■ **INFORMATION PROVIDED**
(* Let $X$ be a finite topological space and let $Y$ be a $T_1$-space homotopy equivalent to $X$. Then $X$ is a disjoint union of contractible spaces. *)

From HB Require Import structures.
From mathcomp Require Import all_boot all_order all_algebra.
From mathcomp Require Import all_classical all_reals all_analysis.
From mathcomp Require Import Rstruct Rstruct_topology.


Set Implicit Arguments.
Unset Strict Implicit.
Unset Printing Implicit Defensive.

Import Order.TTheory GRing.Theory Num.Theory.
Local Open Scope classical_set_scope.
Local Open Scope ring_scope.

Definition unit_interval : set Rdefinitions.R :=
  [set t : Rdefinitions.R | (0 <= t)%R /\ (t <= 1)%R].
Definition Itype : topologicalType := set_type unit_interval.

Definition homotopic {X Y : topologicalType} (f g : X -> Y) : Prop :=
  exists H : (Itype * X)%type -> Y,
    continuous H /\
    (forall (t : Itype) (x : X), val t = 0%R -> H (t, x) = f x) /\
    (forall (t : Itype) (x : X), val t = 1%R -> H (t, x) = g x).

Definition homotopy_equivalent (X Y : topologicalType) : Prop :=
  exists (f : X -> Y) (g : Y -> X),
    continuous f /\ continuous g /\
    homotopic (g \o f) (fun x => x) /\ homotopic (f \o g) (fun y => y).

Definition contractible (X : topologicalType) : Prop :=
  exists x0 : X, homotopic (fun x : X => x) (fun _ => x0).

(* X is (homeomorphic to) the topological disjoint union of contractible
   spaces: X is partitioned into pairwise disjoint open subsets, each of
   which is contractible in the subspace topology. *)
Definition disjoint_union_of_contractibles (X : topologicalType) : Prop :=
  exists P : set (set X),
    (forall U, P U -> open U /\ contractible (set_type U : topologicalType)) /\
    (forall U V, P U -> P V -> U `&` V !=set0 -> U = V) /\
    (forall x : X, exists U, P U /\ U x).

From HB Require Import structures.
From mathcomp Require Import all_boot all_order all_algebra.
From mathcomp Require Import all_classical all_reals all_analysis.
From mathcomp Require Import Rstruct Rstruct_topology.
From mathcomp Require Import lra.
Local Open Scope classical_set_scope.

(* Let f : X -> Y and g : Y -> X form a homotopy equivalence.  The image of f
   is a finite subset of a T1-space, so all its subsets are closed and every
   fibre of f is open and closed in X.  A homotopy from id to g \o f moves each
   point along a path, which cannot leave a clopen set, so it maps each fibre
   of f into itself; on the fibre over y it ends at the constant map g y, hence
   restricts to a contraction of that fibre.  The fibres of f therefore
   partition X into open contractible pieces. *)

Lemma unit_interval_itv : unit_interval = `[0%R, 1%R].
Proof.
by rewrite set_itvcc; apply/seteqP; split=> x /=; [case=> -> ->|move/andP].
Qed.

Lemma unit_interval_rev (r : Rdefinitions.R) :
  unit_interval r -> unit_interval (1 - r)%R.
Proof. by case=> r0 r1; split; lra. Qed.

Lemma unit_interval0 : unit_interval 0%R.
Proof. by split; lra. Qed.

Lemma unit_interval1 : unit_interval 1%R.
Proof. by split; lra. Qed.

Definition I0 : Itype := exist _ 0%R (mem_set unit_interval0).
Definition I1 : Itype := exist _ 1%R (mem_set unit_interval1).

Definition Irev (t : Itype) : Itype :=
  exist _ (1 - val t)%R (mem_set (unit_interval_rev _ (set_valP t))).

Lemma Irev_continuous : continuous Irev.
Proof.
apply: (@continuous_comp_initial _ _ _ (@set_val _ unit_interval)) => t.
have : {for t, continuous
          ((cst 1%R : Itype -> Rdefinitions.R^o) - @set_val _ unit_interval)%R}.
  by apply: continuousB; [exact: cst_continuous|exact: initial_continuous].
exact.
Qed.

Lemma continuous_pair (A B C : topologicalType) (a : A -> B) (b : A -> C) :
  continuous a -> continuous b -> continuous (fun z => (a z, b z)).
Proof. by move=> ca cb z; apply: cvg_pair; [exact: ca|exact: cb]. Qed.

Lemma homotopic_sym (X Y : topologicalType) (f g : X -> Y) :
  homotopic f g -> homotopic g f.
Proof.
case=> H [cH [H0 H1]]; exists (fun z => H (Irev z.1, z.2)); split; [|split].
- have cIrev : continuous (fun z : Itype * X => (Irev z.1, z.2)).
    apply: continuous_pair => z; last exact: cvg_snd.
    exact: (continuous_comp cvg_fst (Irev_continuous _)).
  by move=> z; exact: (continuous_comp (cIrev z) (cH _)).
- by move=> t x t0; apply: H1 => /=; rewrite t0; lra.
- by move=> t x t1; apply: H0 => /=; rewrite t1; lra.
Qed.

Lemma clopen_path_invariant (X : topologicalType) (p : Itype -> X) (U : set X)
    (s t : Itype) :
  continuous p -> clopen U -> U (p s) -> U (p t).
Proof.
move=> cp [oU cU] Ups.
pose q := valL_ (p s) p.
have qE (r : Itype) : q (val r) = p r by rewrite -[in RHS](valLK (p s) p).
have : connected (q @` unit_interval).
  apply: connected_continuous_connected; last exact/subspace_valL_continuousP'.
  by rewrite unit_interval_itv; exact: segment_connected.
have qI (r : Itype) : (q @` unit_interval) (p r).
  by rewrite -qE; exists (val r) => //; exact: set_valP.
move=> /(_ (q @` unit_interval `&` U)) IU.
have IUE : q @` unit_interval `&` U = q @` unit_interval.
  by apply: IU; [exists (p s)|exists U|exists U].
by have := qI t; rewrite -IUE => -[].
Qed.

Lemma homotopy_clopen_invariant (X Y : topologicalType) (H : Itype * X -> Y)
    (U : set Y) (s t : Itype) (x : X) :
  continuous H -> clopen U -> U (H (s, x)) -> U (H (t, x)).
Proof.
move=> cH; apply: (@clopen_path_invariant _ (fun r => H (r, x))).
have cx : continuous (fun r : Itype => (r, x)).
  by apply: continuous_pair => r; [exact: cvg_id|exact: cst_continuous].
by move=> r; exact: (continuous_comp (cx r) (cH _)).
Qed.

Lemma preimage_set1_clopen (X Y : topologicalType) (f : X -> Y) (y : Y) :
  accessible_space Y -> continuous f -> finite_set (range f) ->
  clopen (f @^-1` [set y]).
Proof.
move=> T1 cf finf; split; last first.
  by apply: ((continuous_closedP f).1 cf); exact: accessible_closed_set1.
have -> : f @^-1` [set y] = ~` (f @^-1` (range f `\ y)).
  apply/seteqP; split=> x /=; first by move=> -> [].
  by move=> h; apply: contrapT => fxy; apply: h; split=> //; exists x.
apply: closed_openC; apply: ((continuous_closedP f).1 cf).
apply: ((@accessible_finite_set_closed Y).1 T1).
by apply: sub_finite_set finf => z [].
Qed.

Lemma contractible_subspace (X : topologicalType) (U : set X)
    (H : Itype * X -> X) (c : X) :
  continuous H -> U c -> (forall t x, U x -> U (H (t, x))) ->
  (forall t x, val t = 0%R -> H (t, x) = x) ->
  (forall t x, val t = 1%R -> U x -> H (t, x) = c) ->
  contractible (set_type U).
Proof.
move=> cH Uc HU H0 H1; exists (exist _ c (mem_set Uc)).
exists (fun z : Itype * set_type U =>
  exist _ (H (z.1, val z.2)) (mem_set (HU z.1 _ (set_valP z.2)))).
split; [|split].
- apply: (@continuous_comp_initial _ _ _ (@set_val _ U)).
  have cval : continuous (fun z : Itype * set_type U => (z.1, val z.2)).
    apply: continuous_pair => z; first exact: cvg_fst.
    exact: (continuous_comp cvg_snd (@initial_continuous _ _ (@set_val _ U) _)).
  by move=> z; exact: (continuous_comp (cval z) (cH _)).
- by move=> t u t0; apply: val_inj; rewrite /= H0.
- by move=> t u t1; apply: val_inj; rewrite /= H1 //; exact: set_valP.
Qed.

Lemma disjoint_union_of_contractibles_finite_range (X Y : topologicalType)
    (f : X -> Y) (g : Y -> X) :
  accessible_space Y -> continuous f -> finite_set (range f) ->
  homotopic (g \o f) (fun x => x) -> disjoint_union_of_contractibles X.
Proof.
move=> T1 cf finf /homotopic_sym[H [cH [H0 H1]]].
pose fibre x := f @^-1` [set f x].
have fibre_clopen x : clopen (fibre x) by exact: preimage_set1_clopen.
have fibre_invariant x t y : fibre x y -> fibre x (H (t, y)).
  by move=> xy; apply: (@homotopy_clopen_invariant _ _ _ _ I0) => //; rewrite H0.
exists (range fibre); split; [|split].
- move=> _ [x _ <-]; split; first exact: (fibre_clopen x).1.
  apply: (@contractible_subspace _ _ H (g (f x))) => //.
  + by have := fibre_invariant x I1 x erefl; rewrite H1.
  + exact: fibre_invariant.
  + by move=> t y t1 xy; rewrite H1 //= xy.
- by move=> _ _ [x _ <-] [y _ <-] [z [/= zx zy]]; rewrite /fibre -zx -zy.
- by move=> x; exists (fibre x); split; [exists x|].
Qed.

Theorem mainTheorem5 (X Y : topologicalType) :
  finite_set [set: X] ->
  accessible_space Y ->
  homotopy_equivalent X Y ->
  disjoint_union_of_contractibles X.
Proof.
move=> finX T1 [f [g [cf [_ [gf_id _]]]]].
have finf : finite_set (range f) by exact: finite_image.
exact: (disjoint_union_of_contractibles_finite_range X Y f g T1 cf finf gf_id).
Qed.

■ **TASK INSTRUCTIONS**
Copy word for word the stretch of entries above from the line that has "partition X into" through the line that has "Definition I0 : Itype", both ends included, and nothing outside it.

■ **RESPONSE BOX**
   partition X into open contractible pieces. *)

Lemma unit_interval_itv : unit_interval = `[0%R, 1%R].
Proof.
by rewrite set_itvcc; apply/seteqP; split=> x /=; [case=> -> ->|move/andP].
Qed.

Lemma unit_interval_rev (r : Rdefinitions.R) :
  unit_interval r -> unit_interval (1 - r)%R.
Proof. by case=> r0 r1; split; lra. Qed.

Lemma unit_interval0 : unit_interval 0%R.
Proof. by split; lra. Qed.

Lemma unit_interval1 : unit_interval 1%R.
Proof. by split; lra. Qed.

Definition I0 : Itype := exist _ 0%R (mem_set unit_interval0).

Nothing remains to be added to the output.